(* There exists an independence system that is nearly finitary but is not $k$-nearly finitary for any $k\in\mathbb{N}$.
   Context: An independence system is a pair $I=(E,\mathcal{L})$ with $\mathcal{L}\subseteq 2^E$, $\emptyset\in\mathcal{L}$, and $\mathcal{L}$ closed under taking subsets. Its bases are the inclusion-maximal elements of $\mathcal{L}$. Its finitarization is $I^{\mathrm{fin}}=(E,\mathcal{L}^{\mathrm{fin}})$ where $\mathcal{L}^{\mathrm{fin}}$ consists of the sets all of whose finite subsets lie in $\mathcal{L}$. $I$ is nearly finitary if whenever a base $F$ of $I^{\mathrm{fin}}$ contains a base $B$ of $I$, the set $F\setminus B$ is finite; $I$ is $k$-nearly finitary if $|F\setminus B|\le k$ for every such pair. *)

From Stdlib Require Import List.

Definition subset {E : Type} (A B : E -> Prop) : Prop := forall x, A x -> B x.

Definition finite_set {E : Type} (A : E -> Prop) : Prop :=
  exists l : list E, forall x, A x -> In x l.

Definition card_le {E : Type} (A : E -> Prop) (k : nat) : Prop :=
  exists l : list E, length l <= k /\ forall x, A x -> In x l.

Definition setD {E : Type} (A B : E -> Prop) : E -> Prop := fun x => A x /\ ~ B x.

Definition empty_set {E : Type} : E -> Prop := fun _ => False.

Definition independence_system {E : Type} (L : (E -> Prop) -> Prop) : Prop :=
  L empty_set /\ (forall A B, L B -> subset A B -> L A).

Definition is_base {E : Type} (L : (E -> Prop) -> Prop) (B : E -> Prop) : Prop :=
  L B /\ (forall C, L C -> subset B C -> subset C B).

Definition finitarization {E : Type} (L : (E -> Prop) -> Prop) : (E -> Prop) -> Prop :=
  fun F => forall A, finite_set A -> subset A F -> L A.

Definition nearly_finitary {E : Type} (L : (E -> Prop) -> Prop) : Prop :=
  forall B F, is_base L B -> is_base (finitarization L) F -> subset B F ->
    finite_set (setD F B).

Definition k_nearly_finitary {E : Type} (k : nat) (L : (E -> Prop) -> Prop) : Prop :=
  forall B F, is_base L B -> is_base (finitarization L) F -> subset B F ->
    card_le (setD F B) k.

(* The ground set is N x N, viewed as columns {n} x N.  A set is independent
   when it lies in a single column n and is either bounded in height or lies
   entirely at height >= n.  Every finite subset of a column is bounded, so the
   bases of the finitarization are the whole columns, whereas a bounded set can
   always be enlarged, so the bases of the system are the tails
   T_n = {(n, m) | m >= n}.  Hence F \ B consists of the n points of column n
   below height n: always finite, but of unbounded size. *)
From Stdlib Require Import List Lia Arith.

Definition column (n : nat) : nat * nat -> Prop := fun x => fst x = n.

Definition tail (n : nat) : nat * nat -> Prop := fun x => fst x = n /\ n <= snd x.

Definition bounded (A : nat * nat -> Prop) : Prop :=
  exists m, forall x, A x -> snd x < m.

Definition column_indep (A : nat * nat -> Prop) : Prop :=
  exists n, subset A (column n) /\ (bounded A \/ subset A (tail n)).

Lemma card_le_finite {E : Type} (A : E -> Prop) k : card_le A k -> finite_set A.
Proof. intros [l [_ Hl]]. exists l. exact Hl. Qed.

Lemma card_le_subset {E : Type} (A B : E -> Prop) k :
  subset A B -> card_le B k -> card_le A k.
Proof.
  intros HAB [l [Hlen Hl]]. exists l. split; [exact Hlen|].
  intros x Hx. exact (Hl x (HAB x Hx)).
Qed.

Lemma finite_bounded (A : nat * nat -> Prop) : finite_set A -> bounded A.
Proof.
  intros [l Hl]. exists (S (list_max (map snd l))). intros x Hx.
  assert (Hle : snd x <= list_max (map snd l)).
  { pose proof (proj1 (list_max_le (map snd l) _) (le_n _)) as Hall.
    rewrite Forall_forall in Hall. apply Hall, in_map, Hl, Hx. }
  lia.
Qed.

Lemma column_indep_system : independence_system column_indep.
Proof.
  split.
  - exists 0. split; [intros x []|]. right. intros x [].
  - intros A B [n [Hcol Hb]] HAB. exists n. split; [intros x Hx; apply Hcol, HAB, Hx|].
    destruct Hb as [[m Hm]|Htail]; [left; exists m|right];
      intros x Hx; [apply Hm | apply Htail]; apply HAB, Hx.
Qed.

Lemma is_base_tail n : is_base column_indep (tail n).
Proof.
  split.
  - exists n. split; [intros x [H _]; exact H|]. right. intros x Hx. exact Hx.
  - intros C [n' [Hcol Hb]] Hsub x Hx.
    assert (Hn' : n = n') by exact (Hcol (n, n) (Hsub (n, n) (conj eq_refl (le_n n)))).
    subst n'.
    destruct Hb as [[m Hm]|Htail]; [|exact (Htail x Hx)].
    exfalso. specialize (Hm (n, n + m) (Hsub (n, n + m) (conj eq_refl (Nat.le_add_r n m)))).
    simpl in Hm. lia.
Qed.

(* A bounded independent set in column n misses the point (n, m) above its
   bound and can be extended by it. *)
Lemma is_base_column_indep B :
  is_base column_indep B -> exists n, forall x, B x <-> tail n x.
Proof.
  intros [[n [Hcol Hb]] Hmax].
  destruct Hb as [[m Hm]|Htail].
  - exfalso.
    set (B' := fun z => B z \/ z = (n, m)).
    assert (HB' : column_indep B').
    { exists n. split.
      - intros z [Hz| ->]; [exact (Hcol z Hz)|reflexivity].
      - left. exists (S m). intros z [Hz| ->]; [specialize (Hm z Hz)|]; simpl; lia. }
    specialize (Hmax B' HB' (fun z Hz => or_introl Hz) (n, m) (or_intror eq_refl)).
    specialize (Hm _ Hmax). simpl in Hm. lia.
  - exists n. intros x. split; [apply Htail|].
    apply (Hmax (tail n) (proj1 (is_base_tail n)) Htail).
Qed.

Lemma finitarization_column n : finitarization column_indep (column n).
Proof.
  intros A HA Hsub. exists n. split; [exact Hsub|]. left. apply finite_bounded, HA.
Qed.

Lemma finitarization_same_column F x y :
  finitarization column_indep F -> F x -> F y -> fst x = fst y.
Proof.
  intros HF Hx Hy.
  destruct (HF (fun z => z = x \/ z = y)) as [n [Hcol _]].
  - exists (x :: y :: nil). intros z [->| ->]; simpl; auto.
  - intros z [->| ->]; assumption.
  - rewrite (Hcol x (or_introl eq_refl)), (Hcol y (or_intror eq_refl)). reflexivity.
Qed.

Lemma is_base_finitarization_column n : is_base (finitarization column_indep) (column n).
Proof.
  split; [apply finitarization_column|].
  intros C HC Hsub x Hx.
  exact (finitarization_same_column C x (n, 0) HC Hx (Hsub (n, 0) eq_refl)).
Qed.

Lemma below_tail_spec n x : setD (column n) (tail n) x <-> fst x = n /\ snd x < n.
Proof. unfold setD, column, tail. lia. Qed.

Lemma card_le_below_tail n : card_le (setD (column n) (tail n)) n.
Proof.
  exists (map (pair n) (seq 0 n)). split; [rewrite length_map, length_seq; lia|].
  intros [a b] Hx. apply below_tail_spec in Hx as [Ha Hb]. simpl in Ha, Hb. subst a.
  apply in_map, in_seq. lia.
Qed.

Lemma not_card_le_below_tail n k : k < n -> ~ card_le (setD (column n) (tail n)) k.
Proof.
  intros Hkn [l [Hlen Hl]].
  assert (Hincl : incl (map (pair n) (seq 0 n)) l).
  { intros x Hx. apply Hl, below_tail_spec.
    apply in_map_iff in Hx as [i [<- Hi]]. apply in_seq in Hi. simpl. lia. }
  assert (Hnodup : NoDup (map (pair n) (seq 0 n))).
  { apply NoDup_map_NoDup_ForallPairs; [|apply seq_NoDup].
    intros i j _ _ E. injection E. auto. }
  pose proof (NoDup_incl_length Hnodup Hincl) as H.
  rewrite length_map, length_seq in H. lia.
Qed.

Lemma base_difference_card_le B F :
  is_base column_indep B -> is_base (finitarization column_indep) F -> subset B F ->
  exists n, card_le (setD F B) n.
Proof.
  intros HB [HF _] Hsub. destruct (is_base_column_indep B HB) as [n Hn].
  exists n. apply card_le_subset with (B := setD (column n) (tail n));
    [|apply card_le_below_tail].
  assert (HBnn : B (n, n)) by (apply Hn; split; simpl; lia).
  intros x [Hx HnBx]. split.
  - exact (finitarization_same_column F x (n, n) HF Hx (Hsub _ HBnn)).
  - rewrite <- Hn. exact HnBx.
Qed.

Theorem theorem4p2p1 :
  exists (E : Type) (L : (E -> Prop) -> Prop),
    independence_system L /\ nearly_finitary L /\
    (forall k : nat, ~ k_nearly_finitary k L).
Proof.
  exists (nat * nat)%type, column_indep. split; [|split].
  - exact column_indep_system.
  - intros B F HB HF Hsub.
    destruct (base_difference_card_le B F HB HF Hsub) as [n Hn].
    exact (card_le_finite _ n Hn).
  - intros k Hk.
    apply (not_card_le_below_tail (S k) k (Nat.lt_succ_diag_r k)).
    apply Hk; [apply is_base_tail | apply is_base_finitarization_column |].
    intros x [Hx _]. exact Hx.
Qed.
○ ○ ○
> _Task description_: Reprint the data above from the opening line to the line holding "From Stdlib Require Import List.", inclusive, and nothing else.

> _Result of the task_:
(* There exists an independence system that is nearly finitary but is not $k$-nearly finitary for any $k\in\mathbb{N}$.
   Context: An independence system is a pair $I=(E,\mathcal{L})$ with $\mathcal{L}\subseteq 2^E$, $\emptyset\in\mathcal{L}$, and $\mathcal{L}$ closed under taking subsets. Its bases are the inclusion-maximal elements of $\mathcal{L}$. Its finitarization is $I^{\mathrm{fin}}=(E,\mathcal{L}^{\mathrm{fin}})$ where $\mathcal{L}^{\mathrm{fin}}$ consists of the sets all of whose finite subsets lie in $\mathcal{L}$. $I$ is nearly finitary if whenever a base $F$ of $I^{\mathrm{fin}}$ contains a base $B$ of $I$, the set $F\setminus B$ is finite; $I$ is $k$-nearly finitary if $|F\setminus B|\le k$ for every such pair. *)

From Stdlib Require Import List.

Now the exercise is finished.